Mirages are a staple of desert adventure stories. Weary travels, who have gone days without food or water, think they see a vast expanse of water in the middle of the desert, and eagerly run towards it, only to find nothing but the same miles of sand. What causes this? Are they going mad, or is the earth playing some kind of cruel trick on them?
What Is A Mirage?
Mirages aren’t just in stories, though. They exist in the real world. Have you ever “seen” water on the road while driving? You may know it’s a mirage, but still wonder what causes it.
A mirage occurs when the air at one level is hotter than the air at an adjoining level. This creates a rapid shift in air density. When light passes between the different levels, the shift in density causes the light to bend, creating a mirage. This occurs, for example, on a hot summer day when the asphalt road has been under the glow of the sun all day.
Types of Mirages
There are two main types of mirages: superior and inferior.
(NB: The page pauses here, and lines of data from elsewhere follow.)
(* Let $g(q),h(q)\in\mathbb Z[q]$. Let $G$ be the functor from $\mathbb Z[q]\otimes\Psi$-Rings to abelian groups sending $R$ to the additive group $R^{\mathbb N}$ (componentwise addition) and a morphism $f$ to $\alpha\mapsto f\circ\alpha$, and for each object $R$ let $(\overline\varphi_{\rm ab})^{g(q)}_R:G(R)\to G(R)$, $(a_n)_{n\in\mathbb N}\mapsto\big(\sum_{d|n}d[\frac nd]_{g(q)}\Psi^{n/d}(a_d)\big)_{n\in\mathbb N}$. Then there exists a natural isomorphism $\omega:G\to G$ such that $(\overline\varphi_{\rm ab})^{g(q)}_R=(\overline\varphi_{\rm ab})^{h(q)}_R\circ\omega_R$ for all $R$ if and only if $1-g(q)=c_1k(q)$ and $1-h(q)=c_2k(q)$ for some $c_1,c_2\in\mathbb Z$ and $k(q)\in\mathbb Z[q]$ such that (1) $c_1$ and $c_2$ have the same set of prime divisors, and (2) $k(q)$ is primitive.
   Context: A $\Psi$-ring is a commutative unital ring with maps $\Psi^n$ ($n\ge1$) that are unital ring endomorphisms with $\Psi^1=\mathrm{id}$ and $\Psi^n\Psi^m=\Psi^{nm}$. The category $\mathbb Z[q]\otimes\Psi$-Rings has as objects $\mathbb Z[q]$-algebras with a $\Psi$-ring structure satisfying $\Psi^n(q)=q^n$ for all $n$, and as morphisms unity-preserving $\mathbb Z[q]$-algebra homomorphisms commuting with the $\Psi^n$. $[n]_{g(q)}=1+g(q)+\dots+g(q)^{n-1}$. A nonzero polynomial in $\mathbb Z[q]$ is primitive if the only integers dividing all its coefficients are $\pm1$. *)

From HB Require Import structures.
From mathcomp Require Import all_boot all_order all_algebra.
Set Implicit Arguments. Unset Strict Implicit. Unset Printing Implicit Defensive.
Import Order.TTheory GRing.Theory Num.Theory.
Local Open Scope ring_scope.

(* An object of Z[q] (x) Psi-Rings: a commutative unital ring (the zero ring
   allowed) with a distinguished element [qe] (the image of q, which determines
   the Z[q]-algebra structure since Z[q] is free on q), and operations
   [psi n] for n >= 1 (the value at n = 0 is irrelevant junk). *)
Record psiQRing := PsiQRing {
  carrier :> comPzRingType;
  qe : carrier;
  psi : nat -> carrier -> carrier;
  psiD : forall n, (0 < n)%N -> forall x y, psi n (x + y) = psi n x + psi n y;
  psiM : forall n, (0 < n)%N -> forall x y, psi n (x * y) = psi n x * psi n y;
  psi1 : forall n, (0 < n)%N -> psi n 1 = 1;
  psi_id : forall x, psi 1 x = x;
  psi_comp : forall n m, (0 < n)%N -> (0 < m)%N ->
    forall x, psi n (psi m x) = psi (n * m) x;
  psi_q : forall n, (0 < n)%N -> psi n qe = qe ^+ n
}.

Definition is_psiQ_morph (R S : psiQRing) (f : R -> S) : Prop :=
  [/\ forall x y, f (x + y) = f x + f y,
      forall x y, f (x * y) = f x * f y,
      f 1 = 1,
      f (@qe R) = @qe S &
      forall n, (0 < n)%N -> forall x, f (@psi R n x) = @psi S n (f x)].

Definition evalq (R : psiQRing) (g : {poly int}) : R :=
  \sum_(i < size g) (g`_i)%:~R * @qe R ^+ i.

Definition qint (R : comPzRingType) (m : nat) (x : R) : R :=
  \sum_(i < m) x ^+ i.

(* G(R) = R^N with N = {1,2,...}; a sequence (a_n)_{n>=1} is represented as
   a : nat -> R with a i = a_{i+1}. *)
Definition Gseq (R : psiQRing) := nat -> R.

Definition phibar (g : {poly int}) (R : psiQRing) (a : Gseq R) : Gseq R :=
  fun i => let n := i.+1 in
    \sum_(d <- divisors n)
      d%:R * qint (n %/ d) (evalq R g) * @psi R (n %/ d) (a d.-1).

Definition primitive_poly (k : {poly int}) : Prop :=
  k != 0 /\ forall d : int, (forall i, (d %| k`_i)%Z) -> `|d| = 1.

From HB Require Import structures.
From mathcomp Require Import all_boot all_order all_algebra.
From mathcomp Require Import finfield ring.
From Stdlib Require Import FunctionalExtensionality.
Import Order.TTheory GRing.Theory Num.Theory.
Set Implicit Arguments. Unset Strict Implicit. Unset Printing Implicit Defensive.
Local Open Scope ring_scope.

(* Over Z[q] define gamma_n by the twisted convolution identity
   [n]_g = sum_(d | n) [d]_h Psi^d(gamma_(n/d)).  If n divides every coefficient of gamma_n,
   then omega(a)_n = sum_(e | n) (gamma_(n/e) / (n/e))(q) Psi^(n/e)(a_e) is natural, additive and
   unitriangular (hence bijective), and phibar^g = phibar^h o omega.  The divisibility is checked
   one prime p at a time.  If p divides c1 and c2, then p divides 1 - g and 1 - h, and the p-part
   of n divides [n]_g.  Otherwise p does not divide the content of c1 (1 - h), and by Gauss'
   lemma it suffices to bound the p-adic valuation of c1 (1 - h) gamma_n; subtracting Psi^p of the
   identity at n/p from the identity at n leaves differences Psi^p(f)^m - f^(pm), which are
   divisible by p^(v_p(m)+1) because Psi^p(f) = f^p mod p.
   Conversely, evaluating the factorization over Z[q] at (1, 0, 0, ...) gives [p]_g = [p]_h
   mod p, that is (1 - g)^(p-1) = (1 - h)^(p-1) in F_p[q], for every prime p.  Hence 1 - g and
   1 - h are divisible by the same primes, and comparing them modulo large primes shows that they
   are proportional, so they have the same primitive part. *)


Definition coef_dvd (m : int) (f : {poly int}) : Prop := forall i, (m %| f`_i)%Z.

Lemma coef_dvd0 m : coef_dvd m 0.
Proof. by move=> i; rewrite coef0 dvdz0. Qed.

Lemma coef_dvd1 f : coef_dvd 1 f.
Proof. by move=> i; rewrite dvd1z. Qed.

Lemma coef_dvdD m f g : coef_dvd m f -> coef_dvd m g -> coef_dvd m (f + g).
Proof. by move=> hf hg i; rewrite coefD rpredD. Qed.

Lemma coef_dvdN m f : coef_dvd m f -> coef_dvd m (- f).
Proof. by move=> hf i; rewrite coefN rpredN. Qed.

Lemma coef_dvdB m f g : coef_dvd m f -> coef_dvd m g -> coef_dvd m (f - g).
Proof. by move=> hf hg; apply: coef_dvdD => //; apply: coef_dvdN. Qed.

Lemma coef_dvd_sum m (I : Type) (r : seq I) (P : pred I) (F : I -> {poly int}) :
  (forall i, P i -> coef_dvd m (F i)) -> coef_dvd m (\sum_(i <- r | P i) F i).
Proof. by move=> H; elim/big_ind: _ => //; [exact: coef_dvd0 | exact: coef_dvdD]. Qed.
(* Let $G$ be a group, let $\mathcal{R}=\mathbb{C}^N$ with standard basis $e_0,\dots,e_{N-1}$ and $\mathcal{H}=\mathbb{C}^N$ with computational basis $|0\rangle,\dots,|N-1\rangle$. Let $V:G\to\mathcal{U}(\mathcal{R})$ and $W:G\to\mathcal{U}(\mathcal{H})$ be unitary representations. Define, for nonzero $x=\sum_i x_ie_i$, $T(x)=\frac{1}{\|x\|}\sum_i x_i|i\rangle$ and $\hat{T}(x)=\sum_i x_i|i\rangle$, and let $A:G\to\mathcal{U}(\mathcal{H})$ be a representation induced by $\hat{T}$, i.e. $\hat{T}\circ V(g)=A(g)\circ\hat{T}$ for all $g\in G$. Let $U_{inv}$ and $U_\theta$ be unitaries on $\mathcal{H}$, let $\mathcal{O}$ be an observable on $\mathcal{H}$, and set $$h_\theta(x)=\operatorname{tr}\!\left[U_{inv}U_\theta T(x)\,(U_{inv}U_\theta T(x))^\dagger\,\mathcal{O}\right].$$ If $U_{inv}$ and $\mathcal{O}$ commute with $W(g)$ for all $g\in G$, and $U_\theta$ is an intertwining map from $A$ to $W$, i.e. $U_\theta A(g)=W(g)U_\theta$ for all $g\in G$, then $h_\theta(V(g)x)=h_\theta(x)$ for all $g\in G$ and all nonzero $x\in\mathcal{R}$.
   Context: $\mathcal{U}(\cdot)$ denotes the group of unitary operators; a unitary representation is a homomorphism into it. $T(x)$ is viewed as a column vector so $T(x)T(x)^\dagger$ is the corresponding density matrix. *)

From HB Require Import structures.
From mathcomp Require Import all_boot all_order all_algebra.
From mathcomp Require Import sesquilinear spectral.
Set Implicit Arguments. Unset Strict Implicit. Unset Printing Implicit Defensive.
Import Order.TTheory GRing.Theory Num.Theory.
Local Open Scope ring_scope.
Local Open Scope sesquilinear_scope.

Definition unitary_rep (G : groupType) (C : numClosedFieldType) (N : nat)
    (rho : G -> 'M[C]_N) : Prop :=
  [/\ forall g, rho g \is unitarymx,
      rho 1%g = 1%:M
    & forall g h, rho (g * h)%g = rho g *m rho h].

Definition vnorm (C : numClosedFieldType) (N : nat) (x : 'cV[C]_N) : C :=
  sqrtC (\sum_(i < N) `|x i 0| ^+ 2).

(* hat T(x) = sum_i x_i |i>  (coordinates copied to the computational basis) *)
Definition That (C : numClosedFieldType) (N : nat) (x : 'cV[C]_N) : 'cV[C]_N :=
  \col_(i < N) x i 0.

Definition Tenc (C : numClosedFieldType) (N : nat) (x : 'cV[C]_N) : 'cV[C]_N :=
  (vnorm x)^-1 *: That x.

Definition htheta (C : numClosedFieldType) (N : nat)
    (Uinv Utheta O : 'M[C]_N) (x : 'cV[C]_N) : C :=
  let psi := Uinv *m Utheta *m Tenc x in
  \tr (psi *m psi ^t* *m O).

From HB Require Import structures.
From mathcomp Require Import all_boot all_order all_algebra.
From mathcomp Require Import sesquilinear spectral.
Set Implicit Arguments. Unset Strict Implicit. Unset Printing Implicit Defensive.
Import Order.TTheory GRing.Theory Num.Theory.
Local Open Scope ring_scope.
Local Open Scope sesquilinear_scope.

(* Since [T] is [U]-equivariant for every unitary [U] (norms are preserved and
   [hat T] is the identity on coordinates), [T (V g x) = V g (T x) = A g (T x)].
   The intertwining and commutation hypotheses move [A g] through [Uinv Utheta]
   as [W g], and the resulting conjugation of the density matrix by the unitary
   [W g] is invisible to [tr (_ O)] because [O] commutes with [W g]. *)

Section Encoding.
Variables (C : numClosedFieldType) (n : nat).

Lemma ThatE (x : 'cV[C]_n) : That x = x.
Proof. by apply/matrixP => i j; rewrite mxE (ord1 j). Qed.

Lemma trmxC_mul_unitary (U : 'M[C]_n) : U \is unitarymx -> U^t* *m U = 1%:M.
Proof. by move=> Uu; rewrite -[LHS]mul1mx mulmxA mulmxKtV. Qed.

Lemma vnormE (x : 'cV[C]_n) : vnorm x = sqrtC ((x^t* *m x) 0 0).
Proof.
rewrite /vnorm mxE; congr sqrtC; apply: eq_bigr => i _.
by rewrite !mxE normCK mulrC.
Qed.

Lemma vnorm_unitarymx (U : 'M[C]_n) (x : 'cV[C]_n) :
  U \is unitarymx -> vnorm (U *m x) = vnorm x.
Proof.
move=> Uu; rewrite !vnormE trmx_mul map_mxM mulmxA -(mulmxA _ _ U).
by rewrite trmxC_mul_unitary // mulmx1.
Qed.

Lemma Tenc_unitarymx (U : 'M[C]_n) (x : 'cV[C]_n) :
  U \is unitarymx -> Tenc (U *m x) = U *m Tenc x.
Proof. by move=> Uu; rewrite /Tenc vnorm_unitarymx // !ThatE scalemxAr. Qed.

End Encoding.

Lemma mxtrace_density_unitary (C : numClosedFieldType) n m
    (U O : 'M[C]_n) (psi : 'M[C]_(n, m)) :
  U \is unitarymx -> O *m U = U *m O ->
  \tr (U *m psi *m (U *m psi)^t* *m O) = \tr (psi *m psi^t* *m O).
Proof.
move=> Uu OU; have UOU : U^t* *m O *m U = O.
  by rewrite -mulmxA OU mulmxA trmxC_mul_unitary // mul1mx.
have -> : U *m psi *m (U *m psi)^t* *m O =
    U *m (psi *m psi^t* *m (U^t* *m O)) by rewrite trmx_mul map_mxM !mulmxA.
by rewrite mxtrace_mulC -(mulmxA (psi *m psi^t*)) UOU.
Qed.

Theorem proposition2 (G : groupType) (C : numClosedFieldType) (N : nat)
    (V W A : G -> 'M[C]_N) (Uinv Utheta O : 'M[C]_N) :
  unitary_rep V -> unitary_rep W -> unitary_rep A ->
  (forall g x, That (V g *m x) = A g *m That x) ->
  Uinv \is unitarymx -> Utheta \is unitarymx ->
  O \is hermsymmx ->
  (forall g, Uinv *m W g = W g *m Uinv) ->
  (forall g, O *m W g = W g *m O) ->
  (forall g, Utheta *m A g = W g *m Utheta) ->
  forall g (x : 'cV[C]_N), x != 0 ->
    htheta Uinv Utheta O (V g *m x) = htheta Uinv Utheta O x.
Proof.
move=> [Vu _ _] [Wu _ _] _ TVA _ _ _ UinvW OW UthetaA g x _.
have VA (y : 'cV_N) : V g *m y = A g *m y by have := TVA g y; rewrite !ThatE.
have psiW : Uinv *m Utheta *m Tenc (V g *m x) =
    W g *m (Uinv *m Utheta *m Tenc x).
  by rewrite Tenc_unitarymx // VA !mulmxA -(mulmxA Uinv) UthetaA mulmxA UinvW.
by rewrite /htheta psiW mxtrace_density_unitary.
Qed.
Lemma card_le_of_small_initial_segments {P X : Type} {R : P -> P -> Prop}
    {D : P -> Prop} {T : X -> Prop} (x0 : X) :
  well_founded R -> (forall a b, R a b \/ a = b \/ R b a) ->
  (forall q, D q -> ~ card_le T (fun q' => D q' /\ R q' q)) ->
  card_le D T.
Proof.
  intros Hwf Htot Hsmall.
  (* greedy recursion: each point gets a value of T unused by its predecessors *)
  set (step := fun (q : P) (rec : forall q', R q' q -> X) =>
         epsilon (inhabits x0) (fun t => T t /\ forall q' (Hq : R q' q), D q' -> rec q' Hq <> t)).
  set (pi := Fix Hwf (fun _ => X) step).
  assert (pi_eq : forall q, pi q = step q (fun q' _ => pi q')).
  { intro q. apply (Fix_eq Hwf (fun _ => X) step). intros q1 f g Hfg.
    assert (f = g) as -> by (extensionality y; extensionality p; apply Hfg). reflexivity. }
  assert (pi_spec : forall q, D q -> T (pi q) /\ forall q', R q' q -> D q' -> pi q' <> pi q).
  { intros q Dq. rewrite (pi_eq q). apply epsilon_spec.
    apply NNPP. intro Hfull. apply (Hsmall q Dq).
    apply (card_le_trans (B := fun t => exists q', (D q' /\ R q' q) /\ t = pi q'));
      [|apply card_le_image].
    apply card_le_subset. intros t Tt. apply NNPP. intro Hnew. apply Hfull.
    exists t. split; [exact Tt|]. intros q' Hq Dq' E. apply Hnew. eauto. }
  apply (card_le_of_injective pi); [intros q Dq; apply pi_spec, Dq|].
  intros a b Da Db E. destruct (Htot a b) as [L|[L|L]]; [| exact L |]; exfalso.
  - exact (proj2 (pi_spec b Db) a L Da E).
  - exact (proj2 (pi_spec a Da) b L Db (eq_sym E)).
Qed.

Lemma nat_not_card_le_lt (M : nat) : ~ card_le (fullset nat) (fun k => k < M).
Proof.
  intros H. destruct (card_le_injective 0 H) as [h [Hh Hinj]].
  assert (Hsurj : bSurjective (S M) h).
  { apply bInjective_bSurjective.
    - intros x _. specialize (Hh x I). lia.
    - intros x y _ _. apply Hinj; exact I. }
  destruct (Hsurj M (Nat.lt_succ_diag_r M)) as [x [_ Hx]].
  specialize (Hh x I). lia.
Qed.

Lemma card_le_square_lt (N : nat) :
  card_le (square (fun k => k < N)) (fun k => k < N * N).
Proof.
  apply (card_le_of_injective (fun q => fst q * N + snd q)).
  - intros [a b] [Ha Hb]; simpl in *. nia.
  - intros [a b] [a' b'] [Ha Hb] [Ha' Hb']; simpl in *. intro E.
    assert (a = a') as <- by nia. f_equal. lia.
Qed.

Lemma card_le_add_point {X : Type} (A : X -> Prop) (a : X) :
  card_le (fullset nat) A -> card_le (fun x => A x \/ x = a) A.
Proof.
  intros HA. destruct (card_le_injective a HA) as [e [He Hinj]].
  assert (e_in : forall n, A (e n)) by (intro n; exact (He n I)).
  assert (e_inj : forall n k, e n = e k -> n = k) by (intros n k; apply Hinj; exact I).
  set (shift := fun x y => (x = a /\ y = e 0) \/
                           (x <> a /\ exists k, x = e k /\ y = e (S k)) \/
                           (x <> a /\ (forall k, x <> e k) /\ y = x)).
  assert (Hg : exists g : X -> X, forall x, shift x (g x)).
  { apply choice. intro x. unfold shift. destruct (classic (x = a)) as [->|Hxa]; [eauto|].
    destruct (classic (exists k, x = e k)) as [[k ->]|Hk];
      [exists (e (S k)); right; left; eauto|].
    exists x. right; right. repeat split; auto. intros k E. apply Hk; eauto. }
  destruct Hg as [g Hg]. apply (card_le_of_injective g).
  - intros x Hx. destruct (Hg x) as [[_ ->]|[[_ [k [_ ->]]]|[Hxa [_ ->]]]]; auto.
    destruct Hx; [assumption | contradiction].
  - intros x y _ _ E.
    destruct (Hg x) as [[-> Ex]|[[Hxa [k [-> Ex]]]|[Hxa [Hx Ex]]]];
    destruct (Hg y) as [[-> Ey]|[[Hya [k' [-> Ey]]]|[Hya [Hy Ey]]]];
    try reflexivity; rewrite Ex, Ey in E.
    all: try assumption; try (apply e_inj in E; first [discriminate | congruence]).
    all: exfalso;
      first [apply (Hx (S k')) | apply (Hx 0) | apply (Hy (S k)) | apply (Hy 0)]; congruence.
Qed.

Lemma card_le_add_point_lt {X : Type} (A : X -> Prop) (a : X) {n : nat} :
  card_le A (fun k => k < n) -> card_le (fun x => A x \/ x = a) (fun k => k < S n).
Proof.
  intros HA. destruct (card_le_injective 0 HA) as [h [Hh Hinj]].
  apply (card_le_of_injective
           (fun x => if excluded_middle_informative (x = a) then n else h x)).
  - intros x Hx. destruct (excluded_middle_informative (x = a)); [lia|].
    destruct Hx as [Hx|]; [specialize (Hh x Hx); lia|contradiction].
  - intros x y Hx Hy.
    destruct (excluded_middle_informative (x = a)) as [->|Hxa];
    destruct (excluded_middle_informative (y = a)) as [->|Hya]; try reflexivity.
    + destruct Hy as [Hy|]; [specialize (Hh y Hy); lia|contradiction].
    + destruct Hx as [Hx|]; [specialize (Hh x Hx); lia|contradiction].
    + destruct Hx as [Hx|]; [|contradiction]. destruct Hy as [Hy|]; [|contradiction].
      apply Hinj; assumption.
Qed.

Lemma slexprod_total {A B : Type} {ltA : A -> A -> Prop} {ltB : B -> B -> Prop} :
  (forall x y, ltA x y \/ x = y \/ ltA y x) -> (forall x y, ltB x y \/ x = y \/ ltB y x) ->
  forall p q, slexprod A B ltA ltB p q \/ p = q \/ slexprod A B ltA ltB q p.
Proof.
  intros totA totB [a b] [a' b'].
  destruct (totA a a') as [L|[<-|L]]; [left; now constructor| |right; right; now constructor].
  destruct (totB b b') as [M|[<-|M]]; [left | right; left | right; right];
    solve [apply right_slex; exact M | reflexivity].
Qed.

Definition maxk {K : Type} (lt : K -> K -> Prop) (a b : K) : K :=
  if excluded_middle_informative (lt a b) then b else a.

Definition closed_under {K : Type} (lt : K -> K -> Prop) (f : K -> K) (c : K) : Prop :=
  forall c', lt c' c -> lt (f c') c.

Definition godel_lt {K : Type} (lt : K -> K -> Prop) (q' q : K * K) : Prop :=
  slexprod K (K * K) lt (slexprod K K lt lt)
    (maxk lt (fst q') (snd q'), q') (maxk lt (fst q) (snd q), q).

Section WellOrder.

Context {K : Type} {lt : K -> K -> Prop} (Hwo : strict_well_order lt).

Lemma wo_trans {x y z : K} : lt x y -> lt y z -> lt x z.
Proof. exact (proj1 Hwo x y z). Qed.

Lemma wo_total (x y : K) : lt x y \/ x = y \/ lt y x.
Proof. exact (proj1 (proj2 Hwo) x y). Qed.

Lemma wo_wf : well_founded lt.
Proof. exact (proj2 (proj2 Hwo)). Qed.

Lemma wo_irrefl {x : K} : ~ lt x x.
Proof.
  induction x as [x IH] using (well_founded_ind wo_wf). intro H. exact (IH x H H).
Qed.

Lemma wo_le_of_not_lt {x y : K} : ~ lt x y -> le_of lt y x.
Proof. intro H. destruct (wo_total x y) as [L|[->|L]]; [contradiction|right|left]; auto. Qed.

Lemma wo_le_lt_trans {x y z : K} : le_of lt x y -> lt y z -> lt x z.
Proof. intros [H| ->] H'; [exact (wo_trans H H')|exact H']. Qed.

Lemma wo_lt_le_trans {x y z : K} : lt x y -> le_of lt y z -> lt x z.
Proof. intros H [H'| <-]; [exact (wo_trans H H')|exact H]. Qed.

Lemma wo_le_trans {x y z : K} : le_of lt x y -> le_of lt y z -> le_of lt x z.
Proof. intros H [H'| <-]; [left; exact (wo_le_lt_trans H H')|exact H]. Qed.

Lemma wo_least (P : K -> Prop) (x : K) :
  P x -> exists m, P m /\ forall y, P y -> ~ lt y m.
Proof.
  induction x as [x IH] using (well_founded_ind wo_wf). intro Px.
  destruct (classic (exists y, P y /\ lt y x)) as [[y [Py Hyx]]|Hmin].
  - exact (IH y Hyx Py).
  - exists x. split; [exact Px|]. intros y Py Hyx. apply Hmin. eauto.
Qed.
- Inferior mirages occur when the mirage is located underneath the real object. Usually, this makes the mirage appear upside down. While they are seen on roads, inferior mirages are also likely to occur over lakes, oceans, or other bodies of water. When someone sees an inferior mirage, the image they see is usually bright and blueish. Heat haze is a type of inferior mirage. This occurs when an object is viewed through a layer of heated air, causing it to appear hazy.
- A superior mirage occurs when the air below the line of sight is colder than the air above it — this is also called a temperature inversion. This phenomenon causes the light rays to bend down, making the image appear above the real object. Superior mirages are less common than inferior mirages.
The rarest type of mirage is a Fata Morgana. A type of superior mirage, a Fata Morgana is a rapidly changing mirage. It occurs when rays of light bend as they pass through layers of air at different temperatures. To produce a Fata Morgana, the thermal inversion must cause the curvature of the light rays to be stronger than the curvature of the earth. When it occurs, it obscures the actual image of an object, and can affect many kinds of objects, including boats and coastlines. Fittingly, the name Fata Morgana comes from a powerful sorceress in Arthurian legend; these mirages are mystical and disorienting, often seeming like something straight of a magical story.